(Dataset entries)
<<<<
(* Let $t,k\ge2$ be integers with $(t+1)\mid(k+1)$. Then $N(tk+i,k)=N(tk-i,k)=t-i$ for every integer $0\le i\le t$.
   Context: For $n>k\ge1$, $N(n,k)$ is the nullity of the $n\times n$ skew-symmetric Toeplitz matrix $A(n,k)$ whose first $k$ superdiagonals have all entries $1$ and whose remaining superdiagonals have all entries $0$. This nullity depends only on $n\bmod (k^2+k)$, and $N(n,k)$ is defined for every integer $n$ as $N(n',k)$ for any $n'>k$ with $n'\equiv n\pmod{k^2+k}$. *)

From mathcomp Require Import all_boot all_order all_algebra.
Set Implicit Arguments. Unset Strict Implicit. Unset Printing Implicit Defensive.
Import Order.TTheory GRing.Theory Num.Theory.
Local Open Scope ring_scope.

Definition Amx (k n : nat) : 'M[rat]_n :=
  \matrix_(i < n, j < n)
    (if ((i < j)%N && (j <= i + k)%N) then 1
     else if ((j < i)%N && (i <= j + k)%N) then -1 else 0).

Definition nullityA (n k : nat) : nat := (n - \rank (Amx k n))%N.

(* N(n,k) for every integer n: for n > k it is the nullity of A(n,k); otherwise
   it is the nullity of A(n',k) for the representative
   n' = k+1 + ((n - (k+1)) mod (k^2+k)) > k with n' = n mod (k^2+k). *)
Definition N (n : int) (k : nat) : nat :=
  if (k%:Z < n) then nullityA `|n|%N k
  else nullityA (k.+1 + `|((n - k.+1%:Z) %% (k * k + k)%N%:Z)%Z|%N)%N k.

From mathcomp Require Import all_boot all_order all_algebra.
Import Order.TTheory GRing.Theory Num.Theory.
From mathcomp Require Import zify ring.

Set Implicit Arguments. Unset Strict Implicit. Unset Printing Implicit Defensive.
Local Open Scope ring_scope.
>>>>
**About this exercise:**
Write out exactly the lines from the one containing "Definition N (n" through the end of the data, both included. Add nothing else.

**Task output:**
Definition N (n : int) (k : nat) : nat :=
  if (k%:Z < n) then nullityA `|n|%N k
  else nullityA (k.+1 + `|((n - k.+1%:Z) %% (k * k + k)%N%:Z)%Z|%N)%N k.

From mathcomp Require Import all_boot all_order all_algebra.
Import Order.TTheory GRing.Theory Num.Theory.
From mathcomp Require Import zify ring.

Set Implicit Arguments. Unset Strict Implicit. Unset Printing Implicit Defensive.
Local Open Scope ring_scope.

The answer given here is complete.